Каково его прошлое? его жизнь? где он учился? где родился? — всех этих предметов мадам де Ферьоль в разговоре касалась, но, будучи настоящей светской дамой, перестала касаться, как только обнаружила, что капуцин всегда при расспросах сохраняет каменное выражение лица, что он холоден, непроницаем, подчеркнуто вежлив. В нем и видели только капуцина.

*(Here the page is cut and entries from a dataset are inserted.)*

(* With [y = x - e x] and [g] an idempotent generator of [y R] modulo [J],
   [f = e + g - g e] is an idempotent of [I] absorbing both [e] and [x]. *)
Lemma idempotent_modJ_enlarge e x : I e -> eqJ (e * e) e -> I x ->
  exists f, [/\ I f, eqJ (f * f) f, eqJ (f * e) e,
               sub_set (fix_set e) (fix_set f) & eqJ (f * x) x].
Proof.
move=> Ie ee Ix.
pose y := x - e * x.
have ey : eqJ (e * y) 0 by rewrite /y mulrBr mulrA ee subrr.
have [r hr] := regular_modJ y.
pose g := y * r.
have Ig : I g := I_mulr r (I_add Ix (I_opp (I_mulr x Ie))).
have eg : eqJ (e * g) 0 by rewrite /g mulrA ey mul0r.
have gg : eqJ (g * g) g by rewrite /g mulrA -hr.
have gy : eqJ (g * y) y by rewrite /g -hr.
clearbody g; pose f := e + g - g * e.
have ef : eqJ (e * f) e by rewrite /f !mulrDr mulrN mulrA eg mul0r addr0 subr0 ee.
have fe : eqJ (f * e) e by rewrite /f !mulrDl mulNr -mulrA ee addrK.
exists f; split=> //.
- exact: I_add (I_add Ie Ig) (I_opp (I_mulr e Ig)).
- rewrite {1}/f !mulrDl mulNr -mulrA ef /f !mulrDr mulrN gg mulrA gg.
  by rewrite [g * e + g]addrC addrK.
- by move=> a ha; rewrite /fix_set in ha *; rewrite {2}ha -mulrA ef -ha.
- have -> : x = y + e * x by rewrite /y subrK.
  rewrite mulrDr mulrA fe.
  by rewrite /f !mulrDl mulNr -mulrA ey gy mulr0 add0r subr0.
Qed.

Капуцины тогда уже были не те, что прежде. Этот орден, некогда образец христианского смирения, утратил свои возвышенные идеалы. А наступали и вовсе плохие времена. Не верующий ни во что эпикуреизм времен царствования Людовика XV, который унаследовало и время Людовика XVI, выхолостил все: учения, обычаи, — и даже прославленные своей святостью ордена утратили суровость нравов, внушавшую почтение даже безбожникам. Монахи повсюду уже стали покидать монастыри, и столькие потом бросались в объятия порока. Призвание служения богу казалось одним из самых твердых, и вот теперь от него открещивались. Мадам де Ферьоль вспоминала, как однажды в маленьком городке, где она танцевала свои первые кадрили с очаровательным офицером в белом, бароном де Ферьолем, она видела капуцина, красоту которого нельзя было не заметить, хотя он и был капуцин, и который, придя, как и отец Рикульф, читать проповедь на пост, осмелился на глазах у всех кокетничать напропалую, прикрываясь маской добровольной бедности и самоотречения. Говорили, что он из очень знатной семьи, и, может, поэтому высший свет, суд которого в этих краях строг, смотрел сквозь пальцы на выходки капуцина, который чуть ли не как женщина заботился о своей персоне, душил духами бороду и вместо власяницы под грубой монашеской рясой носил шелковые рубашки. Мадам де Ферьоль, в ту пору еще мадемуазель д’Олонд, видела его на светских вечерах, куда капуцин ходил играть в вист, видела, как он сочинял женщинам мадригалы, как шушукался с ними по углам совсем как те римские кардиналы, о которых Люпати говорит в своем «Путешествии по Италии», коим в те времена зачитывались. Но хотя за прошедшие с тех пор годы всеобщая развращенность стала еще очевиднее и все кругом размякло, так что в скором времени должно было расплавиться и потечь жижей, отец Рикульф, сохранившийся подобно старой прочной французской бронзе на свалке революции, не походил на того капуцина, завсегдатая салонов. В нем совсем не было заметно пороков, присущих его времени. Казалось, весь он из средних веков, как и его имя. Если бы у него были неуместные в его положении светские манеры, мадам де Ферьоль знала бы, почему он вызывает у нее неприязненное чувство, в котором она себя упрекала. А так мадам де Ферьоль оставалось лишь недоумевать, ведь ее антипатия к капуцину была столь же очевидной, как у Ластении и Агаты, хотя, подобно им, она не понимала причин этой необъяснимой неприязни.